The other roller coaster... well, it wasn't so pleasant. While we were out snorkeling, someone broke the window of our rental car and stole my purse, including the usual credit cards, checkbook and driver's licence, but also the kids passports and mine, an antique pocket watch, Raheel Raza's book with her treasured inscription, my new cell phone (which is very expensive, but which I got at a really great price and simply could not afford to replace...). At first I thought I had also lost two rings, but it turned out they were in another bag, not my purse. Then, while we were at a local zoo (Lion Country Safari) we got a call from a local police station. Someone had turned in my purse. The credit cards were gone, and my driver's license, the watch and the book (somehow I can't imagine thieves reading Their Jihad... Not My Jihad, but if they do, all the power to them) but the passports and my cell phone were there. Whew! I'm sad to lose the watch, and about the inscribed book (I'm sure I can get a new one from Raheel), but I'm glad to get back my phone and all my coffee cards, gas station cards, library card, etc.
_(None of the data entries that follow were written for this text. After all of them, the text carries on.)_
Definition local_sqrt (z w : V -> Cx) (v : V) : Prop :=
  exists d, 0 < d /\
    forall u : V, (forall j, (j < 6)%nat -> Rabs (u j - v j) < d) ->
      cmul (z u) (z u) = w u.

(* On the constraint surface |x| = |p| = r, x . p = 0, the Dirac brackets of the components of
   K = |x| x and L = |p| p close on the angular momentum:
   {K_i, K_j} = {L_i, L_j} = - eps_ijk J_k and {K_i, L_j} = delta_ij N, with N = r^2.
   The brackets of w0 = K_- + i L_- and w1 = - (K_+ + i L_+) are bilinear combinations of these,
   and |w0|, |w1| follow from (x/r, p/r, J/r^2) being an orthonormal frame.
   If z^2 = w near v, the chain rule gives {z^2, z'^2} = 4 z z' {z, z'}; moreover z(v) <> 0, since
   otherwise d(Re w) = 2 (Re z d(Re z) - Im z d(Im z)) would vanish at v, whereas
   d(Re w0)/dx1 = x1^2/r + r > 0.  Dividing by 4 |z|^2 = 4 |w| gives the canonical brackets. *)

From Stdlib Require Import Reals Lra Lia Nsatz FunctionalExtensionality ClassicalEpsilon.
Open Scope R_scope.

Lemma upd_same v i : upd v i (v i) = v.
Proof.
  apply functional_extensionality; intro j; unfold upd.
  destruct (Nat.eqb_spec j i); subst; reflexivity.
Qed.

Lemma pd_unique f i v l :
  derivable_pt_lim (fun t => f (upd v i t)) (v i) l -> pd f i v = l.
Proof.
  intro Hl; apply (uniqueness_limite (fun t => f (upd v i t)) (v i)); auto.
  unfold pd; apply epsilon_spec; now exists l.
Qed.

Definition is_gradient (f : V -> R) (v : V) (g : nat -> R) : Prop :=
  forall i, (i < 6)%nat -> derivable_pt_lim (fun t => f (upd v i t)) (v i) (g i).

Lemma is_gradient_pd f v g i : is_gradient f v g -> (i < 6)%nat -> pd f i v = g i.
Proof. intros Hg Hi; apply pd_unique, Hg, Hi. Qed.

Lemma is_gradient_of_partials f v : has_partials f v -> is_gradient f v (fun i => pd f i v).
Proof.
  intros H i Hi; destruct (H i Hi) as [l Hl].
  rewrite (pd_unique _ _ _ _ Hl); exact Hl.
Qed.

Lemma has_partials_of_gradient f v g : is_gradient f v g -> has_partials f v.
Proof. intros Hg i Hi; exists (g i); apply Hg, Hi. Qed.

Lemma is_gradient_ext_fun f f' v g :
  (forall u, f u = f' u) -> is_gradient f' v g -> is_gradient f v g.
Proof.
  intros Ef H i Hi.
  replace (fun t => f (upd v i t)) with (fun t => f' (upd v i t)).
  - apply H, Hi.
  - apply functional_extensionality; intro t; now rewrite Ef.
Qed.

Lemma is_gradient_ext f v g g' :
  (forall i, (i < 6)%nat -> g i = g' i) -> is_gradient f v g' -> is_gradient f v g.
Proof. intros Eg H i Hi; rewrite Eg by exact Hi; apply H, Hi. Qed.

Definition unit_vec (k i : nat) : R := if Nat.eqb k i then 1 else 0.

Lemma is_gradient_coord k v : is_gradient (fun u => u k) v (unit_vec k).
Proof.
  intros i _; unfold upd, unit_vec.
  destruct (Nat.eqb k i).
  - apply derivable_pt_lim_id.
  - apply derivable_pt_lim_const.
Qed.

Lemma is_gradient_plus f g v a b : is_gradient f v a -> is_gradient g v b ->
  is_gradient (fun u => f u + g u) v (fun i => a i + b i).
Proof.
  intros Ha Hb i Hi.
  apply (derivable_pt_lim_plus (fun t => f (upd v i t)) (fun t => g (upd v i t))); auto.
Qed.

Lemma is_gradient_mult f g v a b : is_gradient f v a -> is_gradient g v b ->
  is_gradient (fun u => f u * g u) v (fun i => a i * g v + f v * b i).
Proof.
  intros Ha Hb i Hi.
  pose proof (derivable_pt_lim_mult (fun t => f (upd v i t)) (fun t => g (upd v i t))
                _ _ _ (Ha i Hi) (Hb i Hi)) as H.
  simpl in H; rewrite upd_same in H; exact H.
Qed.

Lemma is_gradient_minus f g v a b : is_gradient f v a -> is_gradient g v b ->
  is_gradient (fun u => f u - g u) v (fun i => a i - b i).
Proof.
  intros Ha Hb i Hi.
  apply (derivable_pt_lim_minus (fun t => f (upd v i t)) (fun t => g (upd v i t))); auto.
Qed.

Lemma is_gradient_opp f v a : is_gradient f v a ->
  is_gradient (fun u => - f u) v (fun i => - a i).
Proof. intros Ha i Hi; apply (derivable_pt_lim_opp (fun t => f (upd v i t))), Ha, Hi. Qed.

Lemma is_gradient_scal c f v a : is_gradient f v a ->
  is_gradient (fun u => c * f u) v (fun i => c * a i).
Proof. intros Ha i Hi; apply (derivable_pt_lim_scal (fun t => f (upd v i t))), Ha, Hi. Qed.

Lemma is_gradient_sqrt f v a : 0 < f v -> is_gradient f v a ->
  is_gradient (fun u => sqrt (f u)) v (fun i => a i / (2 * sqrt (f v))).
Proof.
  intros Hpos Ha i Hi.
  assert (Hs : derivable_pt_lim sqrt (f (upd v i (v i))) (/ (2 * sqrt (f v)))).
  { rewrite upd_same; apply derivable_pt_lim_sqrt, Hpos. }
  pose proof (derivable_pt_lim_comp (fun t => f (upd v i t)) sqrt _ _ _ (Ha i Hi) Hs) as H.
  unfold Rdiv; rewrite Rmult_comm; exact H.
Qed.

Ltac cases6 i := destruct i as [|[|[|[|[|[|i]]]]]]; [ .. | exfalso; lia ].

Definition grad_normx (v : V) (i : nat) : R := if (i <? 3)%nat then v i / normx v else 0.
Definition grad_normp (v : V) (i : nat) : R := if (i <? 3)%nat then 0 else v i / normp v.

Lemma sqrt_neq0_pos x : sqrt x <> 0 -> 0 < x.
Proof. intro H; destruct (Rlt_or_le 0 x) as [|Hx]; auto; now rewrite sqrt_neg_0 in H. Qed.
Noora, my baby who isn't really a baby any more, was quite upset at the incident. And it struck me how the somewhat blase attitudes of us adult -- cest la vie -- shows how far evil impinges upon our daily life. Petty theft is a violation of our space, our possessions, and by extension our selves. And yet we shrugged it off. Noora was, justifiably, unhappy and mystified. Why did they do this? All I could offer was that they were people who didn't understand right and wrong properly. In retrospect, I could have told her that maybe they didn't have enough to eat or couldn't get a job. That I didn't think of that at the moment certainly says something about how we are socialized to think about crime and criminals -- they are bad people, rather than they are desperate people.